====== The data
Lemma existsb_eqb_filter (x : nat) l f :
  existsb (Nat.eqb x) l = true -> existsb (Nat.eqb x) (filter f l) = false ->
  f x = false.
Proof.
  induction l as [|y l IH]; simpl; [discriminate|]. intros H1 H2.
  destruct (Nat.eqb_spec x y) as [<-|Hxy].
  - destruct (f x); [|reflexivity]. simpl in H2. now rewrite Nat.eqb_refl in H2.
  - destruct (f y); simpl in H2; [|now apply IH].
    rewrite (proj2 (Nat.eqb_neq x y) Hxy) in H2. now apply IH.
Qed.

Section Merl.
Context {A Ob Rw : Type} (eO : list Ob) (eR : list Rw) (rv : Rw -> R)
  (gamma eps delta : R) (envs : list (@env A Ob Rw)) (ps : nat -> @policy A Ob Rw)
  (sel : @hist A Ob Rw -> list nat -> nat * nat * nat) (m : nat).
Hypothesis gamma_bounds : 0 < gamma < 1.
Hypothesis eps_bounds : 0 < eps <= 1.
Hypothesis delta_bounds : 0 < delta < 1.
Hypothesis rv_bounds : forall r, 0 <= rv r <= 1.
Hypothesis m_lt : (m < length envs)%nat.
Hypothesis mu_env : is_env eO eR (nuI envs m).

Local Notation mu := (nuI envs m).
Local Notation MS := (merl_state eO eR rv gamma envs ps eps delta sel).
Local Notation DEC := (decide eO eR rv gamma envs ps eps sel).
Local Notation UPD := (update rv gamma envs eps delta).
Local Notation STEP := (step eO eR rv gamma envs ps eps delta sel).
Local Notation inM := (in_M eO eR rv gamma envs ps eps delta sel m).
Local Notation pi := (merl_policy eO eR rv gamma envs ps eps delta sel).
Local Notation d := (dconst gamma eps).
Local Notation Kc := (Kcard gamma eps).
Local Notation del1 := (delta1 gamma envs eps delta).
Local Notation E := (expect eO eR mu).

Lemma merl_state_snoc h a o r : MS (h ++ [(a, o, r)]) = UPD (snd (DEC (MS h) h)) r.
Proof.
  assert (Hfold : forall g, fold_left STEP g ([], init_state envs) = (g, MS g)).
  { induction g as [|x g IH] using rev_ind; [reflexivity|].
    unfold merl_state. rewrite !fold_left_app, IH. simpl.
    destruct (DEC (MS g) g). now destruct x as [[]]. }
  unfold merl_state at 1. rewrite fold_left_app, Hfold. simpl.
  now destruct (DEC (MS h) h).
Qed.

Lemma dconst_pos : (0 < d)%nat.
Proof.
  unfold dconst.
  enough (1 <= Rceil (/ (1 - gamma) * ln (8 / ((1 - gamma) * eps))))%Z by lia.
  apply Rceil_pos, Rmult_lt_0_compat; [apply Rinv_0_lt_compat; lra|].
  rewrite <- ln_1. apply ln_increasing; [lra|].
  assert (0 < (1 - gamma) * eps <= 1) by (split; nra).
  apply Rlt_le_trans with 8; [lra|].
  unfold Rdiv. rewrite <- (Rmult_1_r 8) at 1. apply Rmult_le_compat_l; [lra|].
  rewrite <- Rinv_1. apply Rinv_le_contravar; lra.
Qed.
============
- What you have to do: Your answer should be the lines from the one that contains "assert (0 <" through the last line of the material, copied exactly.

- Your solution:
  assert (0 < (1 - gamma) * eps <= 1) by (split; nra).
  apply Rlt_le_trans with 8; [lra|].
  unfold Rdiv. rewrite <- (Rmult_1_r 8) at 1. apply Rmult_le_compat_l; [lra|].
  rewrite <- Rinv_1. apply Rinv_le_contravar; lra.
Qed.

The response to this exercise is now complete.